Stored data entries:
|---|
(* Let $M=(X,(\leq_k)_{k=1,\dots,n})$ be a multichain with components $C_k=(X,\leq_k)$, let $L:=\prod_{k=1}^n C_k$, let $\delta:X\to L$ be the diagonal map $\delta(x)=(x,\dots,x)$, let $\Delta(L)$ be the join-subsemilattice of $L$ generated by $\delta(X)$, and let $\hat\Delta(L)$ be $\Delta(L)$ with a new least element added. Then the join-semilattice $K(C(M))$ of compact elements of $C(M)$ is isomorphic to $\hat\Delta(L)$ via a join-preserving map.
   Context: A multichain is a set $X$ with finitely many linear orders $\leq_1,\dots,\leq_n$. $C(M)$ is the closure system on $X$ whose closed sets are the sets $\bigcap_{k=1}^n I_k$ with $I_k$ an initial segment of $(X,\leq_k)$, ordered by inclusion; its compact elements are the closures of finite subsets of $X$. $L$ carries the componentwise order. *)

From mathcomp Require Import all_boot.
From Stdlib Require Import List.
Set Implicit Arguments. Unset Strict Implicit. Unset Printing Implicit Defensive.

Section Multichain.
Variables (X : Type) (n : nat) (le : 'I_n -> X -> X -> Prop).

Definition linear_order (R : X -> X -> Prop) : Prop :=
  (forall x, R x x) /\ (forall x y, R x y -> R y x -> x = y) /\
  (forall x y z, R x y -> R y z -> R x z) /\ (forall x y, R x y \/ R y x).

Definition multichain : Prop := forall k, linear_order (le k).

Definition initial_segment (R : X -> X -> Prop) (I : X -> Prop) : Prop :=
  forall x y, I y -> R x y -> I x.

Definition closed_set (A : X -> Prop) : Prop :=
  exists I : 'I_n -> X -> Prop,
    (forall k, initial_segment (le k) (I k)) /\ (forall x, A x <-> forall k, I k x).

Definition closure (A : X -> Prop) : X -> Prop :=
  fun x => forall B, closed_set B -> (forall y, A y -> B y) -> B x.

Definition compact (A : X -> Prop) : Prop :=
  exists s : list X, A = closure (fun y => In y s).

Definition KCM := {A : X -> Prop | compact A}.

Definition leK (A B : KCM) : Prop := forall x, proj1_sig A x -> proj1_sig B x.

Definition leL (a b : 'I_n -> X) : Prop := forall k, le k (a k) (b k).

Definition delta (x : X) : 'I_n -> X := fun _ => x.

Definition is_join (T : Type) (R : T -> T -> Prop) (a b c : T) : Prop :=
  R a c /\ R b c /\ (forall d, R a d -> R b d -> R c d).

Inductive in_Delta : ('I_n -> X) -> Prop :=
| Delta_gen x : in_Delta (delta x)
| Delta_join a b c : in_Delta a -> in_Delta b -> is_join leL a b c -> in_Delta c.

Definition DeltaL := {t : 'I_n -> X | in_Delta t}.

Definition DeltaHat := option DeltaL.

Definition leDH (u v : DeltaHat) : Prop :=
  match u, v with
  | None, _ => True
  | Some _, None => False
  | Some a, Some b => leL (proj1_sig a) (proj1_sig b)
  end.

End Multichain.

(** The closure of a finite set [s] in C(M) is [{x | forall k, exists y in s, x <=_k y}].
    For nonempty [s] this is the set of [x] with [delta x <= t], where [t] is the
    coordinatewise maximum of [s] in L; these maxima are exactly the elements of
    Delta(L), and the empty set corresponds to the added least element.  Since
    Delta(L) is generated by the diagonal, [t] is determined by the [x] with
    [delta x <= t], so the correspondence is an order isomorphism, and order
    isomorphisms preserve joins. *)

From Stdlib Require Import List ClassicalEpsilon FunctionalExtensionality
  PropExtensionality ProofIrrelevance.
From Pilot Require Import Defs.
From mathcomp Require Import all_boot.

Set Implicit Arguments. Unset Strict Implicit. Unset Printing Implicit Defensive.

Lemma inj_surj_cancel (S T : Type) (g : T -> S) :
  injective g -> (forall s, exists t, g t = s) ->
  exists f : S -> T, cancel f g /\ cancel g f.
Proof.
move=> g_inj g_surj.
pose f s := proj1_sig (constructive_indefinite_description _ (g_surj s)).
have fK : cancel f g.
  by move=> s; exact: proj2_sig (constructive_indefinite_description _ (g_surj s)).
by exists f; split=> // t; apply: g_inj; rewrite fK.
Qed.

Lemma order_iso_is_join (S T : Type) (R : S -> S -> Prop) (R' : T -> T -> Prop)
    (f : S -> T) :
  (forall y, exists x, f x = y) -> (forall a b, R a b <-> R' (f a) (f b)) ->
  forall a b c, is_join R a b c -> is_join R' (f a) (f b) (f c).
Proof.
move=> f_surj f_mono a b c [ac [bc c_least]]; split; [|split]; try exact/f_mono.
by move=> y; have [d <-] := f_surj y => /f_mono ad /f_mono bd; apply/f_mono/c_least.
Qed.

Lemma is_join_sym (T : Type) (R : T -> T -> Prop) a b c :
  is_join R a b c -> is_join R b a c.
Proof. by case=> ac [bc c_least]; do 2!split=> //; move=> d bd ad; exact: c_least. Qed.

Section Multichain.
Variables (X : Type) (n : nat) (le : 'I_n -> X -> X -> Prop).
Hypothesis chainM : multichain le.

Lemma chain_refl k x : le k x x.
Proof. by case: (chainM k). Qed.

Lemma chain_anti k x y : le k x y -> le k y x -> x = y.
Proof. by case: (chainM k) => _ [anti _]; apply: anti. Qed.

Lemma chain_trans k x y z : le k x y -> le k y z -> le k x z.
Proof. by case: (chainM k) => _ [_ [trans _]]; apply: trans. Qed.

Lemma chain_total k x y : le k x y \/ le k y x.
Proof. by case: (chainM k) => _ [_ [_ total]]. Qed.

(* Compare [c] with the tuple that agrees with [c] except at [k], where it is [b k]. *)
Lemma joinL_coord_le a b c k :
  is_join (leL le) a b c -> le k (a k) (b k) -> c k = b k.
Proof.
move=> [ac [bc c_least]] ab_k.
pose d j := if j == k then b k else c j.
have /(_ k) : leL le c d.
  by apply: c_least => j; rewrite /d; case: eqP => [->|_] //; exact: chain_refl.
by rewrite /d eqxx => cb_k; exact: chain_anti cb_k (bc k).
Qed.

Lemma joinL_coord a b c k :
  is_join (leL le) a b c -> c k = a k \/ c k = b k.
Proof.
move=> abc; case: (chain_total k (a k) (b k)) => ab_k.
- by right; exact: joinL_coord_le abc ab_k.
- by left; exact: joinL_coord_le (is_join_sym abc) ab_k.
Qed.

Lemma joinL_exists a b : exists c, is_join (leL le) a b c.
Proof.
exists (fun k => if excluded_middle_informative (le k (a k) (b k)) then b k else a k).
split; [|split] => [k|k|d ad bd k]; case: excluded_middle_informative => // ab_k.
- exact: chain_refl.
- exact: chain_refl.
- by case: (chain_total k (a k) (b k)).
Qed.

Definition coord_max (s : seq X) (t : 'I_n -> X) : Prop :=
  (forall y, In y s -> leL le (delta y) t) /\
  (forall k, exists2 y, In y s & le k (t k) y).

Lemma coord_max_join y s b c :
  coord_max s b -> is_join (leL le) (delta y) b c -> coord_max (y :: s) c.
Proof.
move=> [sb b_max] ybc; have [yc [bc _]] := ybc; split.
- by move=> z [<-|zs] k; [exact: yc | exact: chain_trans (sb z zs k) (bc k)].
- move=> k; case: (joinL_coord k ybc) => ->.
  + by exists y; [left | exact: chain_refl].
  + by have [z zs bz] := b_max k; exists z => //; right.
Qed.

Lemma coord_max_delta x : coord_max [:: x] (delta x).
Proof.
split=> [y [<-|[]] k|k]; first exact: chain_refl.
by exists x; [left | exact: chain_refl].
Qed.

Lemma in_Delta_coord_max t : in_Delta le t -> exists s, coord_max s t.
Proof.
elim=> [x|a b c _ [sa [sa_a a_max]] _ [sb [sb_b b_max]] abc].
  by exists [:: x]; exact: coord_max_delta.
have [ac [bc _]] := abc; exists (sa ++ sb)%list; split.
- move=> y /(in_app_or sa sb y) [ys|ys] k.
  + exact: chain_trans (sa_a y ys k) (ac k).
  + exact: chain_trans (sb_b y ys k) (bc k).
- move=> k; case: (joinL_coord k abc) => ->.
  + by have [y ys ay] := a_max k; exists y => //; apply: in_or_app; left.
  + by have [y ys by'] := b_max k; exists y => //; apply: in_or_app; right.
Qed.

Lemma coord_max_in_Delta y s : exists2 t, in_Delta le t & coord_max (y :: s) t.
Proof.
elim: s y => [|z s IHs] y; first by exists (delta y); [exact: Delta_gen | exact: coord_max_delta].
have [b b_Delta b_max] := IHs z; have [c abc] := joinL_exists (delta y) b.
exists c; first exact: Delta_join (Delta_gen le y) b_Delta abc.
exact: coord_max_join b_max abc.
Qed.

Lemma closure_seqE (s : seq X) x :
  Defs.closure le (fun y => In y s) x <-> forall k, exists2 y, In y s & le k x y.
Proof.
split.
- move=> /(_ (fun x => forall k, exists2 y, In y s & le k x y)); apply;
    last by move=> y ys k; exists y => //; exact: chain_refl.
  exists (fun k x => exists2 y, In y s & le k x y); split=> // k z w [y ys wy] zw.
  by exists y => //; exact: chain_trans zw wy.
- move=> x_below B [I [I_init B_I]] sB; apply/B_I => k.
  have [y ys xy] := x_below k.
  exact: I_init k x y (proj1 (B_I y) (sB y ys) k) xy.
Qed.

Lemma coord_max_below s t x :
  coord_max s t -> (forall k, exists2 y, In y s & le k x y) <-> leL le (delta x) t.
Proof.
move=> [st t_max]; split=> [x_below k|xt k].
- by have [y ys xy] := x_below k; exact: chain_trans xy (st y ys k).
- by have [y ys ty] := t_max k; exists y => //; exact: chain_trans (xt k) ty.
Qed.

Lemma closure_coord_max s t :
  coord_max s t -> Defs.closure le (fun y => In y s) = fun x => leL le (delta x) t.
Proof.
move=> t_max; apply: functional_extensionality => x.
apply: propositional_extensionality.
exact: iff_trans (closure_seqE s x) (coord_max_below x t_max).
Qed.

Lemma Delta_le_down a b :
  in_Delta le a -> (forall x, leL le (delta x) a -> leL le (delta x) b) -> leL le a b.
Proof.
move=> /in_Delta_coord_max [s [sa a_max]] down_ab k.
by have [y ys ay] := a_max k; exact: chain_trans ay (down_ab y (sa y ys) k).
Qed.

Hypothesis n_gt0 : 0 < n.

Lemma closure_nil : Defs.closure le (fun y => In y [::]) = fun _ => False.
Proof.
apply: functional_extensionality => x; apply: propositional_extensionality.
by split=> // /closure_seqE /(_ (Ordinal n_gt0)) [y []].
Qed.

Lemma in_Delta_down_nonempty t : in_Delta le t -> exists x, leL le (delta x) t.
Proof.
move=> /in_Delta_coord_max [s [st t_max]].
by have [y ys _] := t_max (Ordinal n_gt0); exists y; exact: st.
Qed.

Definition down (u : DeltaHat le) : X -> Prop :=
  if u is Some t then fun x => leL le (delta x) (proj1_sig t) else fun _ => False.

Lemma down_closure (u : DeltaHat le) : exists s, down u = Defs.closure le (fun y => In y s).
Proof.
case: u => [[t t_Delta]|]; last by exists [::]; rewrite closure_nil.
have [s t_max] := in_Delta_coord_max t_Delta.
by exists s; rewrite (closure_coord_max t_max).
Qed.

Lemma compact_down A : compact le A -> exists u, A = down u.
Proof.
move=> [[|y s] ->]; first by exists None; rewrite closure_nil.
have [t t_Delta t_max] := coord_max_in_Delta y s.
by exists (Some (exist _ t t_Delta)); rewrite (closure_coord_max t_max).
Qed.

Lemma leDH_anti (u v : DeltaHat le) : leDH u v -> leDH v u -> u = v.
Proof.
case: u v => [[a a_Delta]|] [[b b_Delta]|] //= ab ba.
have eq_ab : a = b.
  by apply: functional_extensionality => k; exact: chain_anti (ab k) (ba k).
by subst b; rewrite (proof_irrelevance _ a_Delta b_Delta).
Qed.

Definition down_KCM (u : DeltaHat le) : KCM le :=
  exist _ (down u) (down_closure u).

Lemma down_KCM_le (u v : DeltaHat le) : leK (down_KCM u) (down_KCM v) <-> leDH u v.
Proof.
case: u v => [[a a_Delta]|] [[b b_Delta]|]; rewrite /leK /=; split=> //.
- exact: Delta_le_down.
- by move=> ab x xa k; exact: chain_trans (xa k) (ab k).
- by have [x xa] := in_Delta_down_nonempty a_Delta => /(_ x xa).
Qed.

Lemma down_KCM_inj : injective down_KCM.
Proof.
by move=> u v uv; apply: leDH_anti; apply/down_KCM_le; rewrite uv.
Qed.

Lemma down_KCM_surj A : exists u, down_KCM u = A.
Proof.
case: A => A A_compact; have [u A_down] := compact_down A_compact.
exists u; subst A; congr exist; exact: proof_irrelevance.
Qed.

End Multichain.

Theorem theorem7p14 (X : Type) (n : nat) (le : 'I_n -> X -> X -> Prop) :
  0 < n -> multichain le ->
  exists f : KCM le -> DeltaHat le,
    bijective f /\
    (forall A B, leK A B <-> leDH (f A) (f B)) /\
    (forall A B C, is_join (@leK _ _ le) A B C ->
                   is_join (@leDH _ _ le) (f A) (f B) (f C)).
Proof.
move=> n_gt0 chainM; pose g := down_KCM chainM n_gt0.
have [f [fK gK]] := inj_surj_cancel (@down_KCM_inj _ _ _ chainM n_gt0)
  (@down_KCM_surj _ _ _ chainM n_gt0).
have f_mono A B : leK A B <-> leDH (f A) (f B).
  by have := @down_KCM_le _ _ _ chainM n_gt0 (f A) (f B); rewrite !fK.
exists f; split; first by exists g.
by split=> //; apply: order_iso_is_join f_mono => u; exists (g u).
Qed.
|---|
Exercise requirements: Using the records above, set down exactly the lines from the one with "Theorem theorem7p14 (X" through the one with "(forall A B C, is_join", inclusive, and nothing more.

Task output:
Theorem theorem7p14 (X : Type) (n : nat) (le : 'I_n -> X -> X -> Prop) :
  0 < n -> multichain le ->
  exists f : KCM le -> DeltaHat le,
    bijective f /\
    (forall A B, leK A B <-> leDH (f A) (f B)) /\
    (forall A B C, is_join (@leK _ _ le) A B C ->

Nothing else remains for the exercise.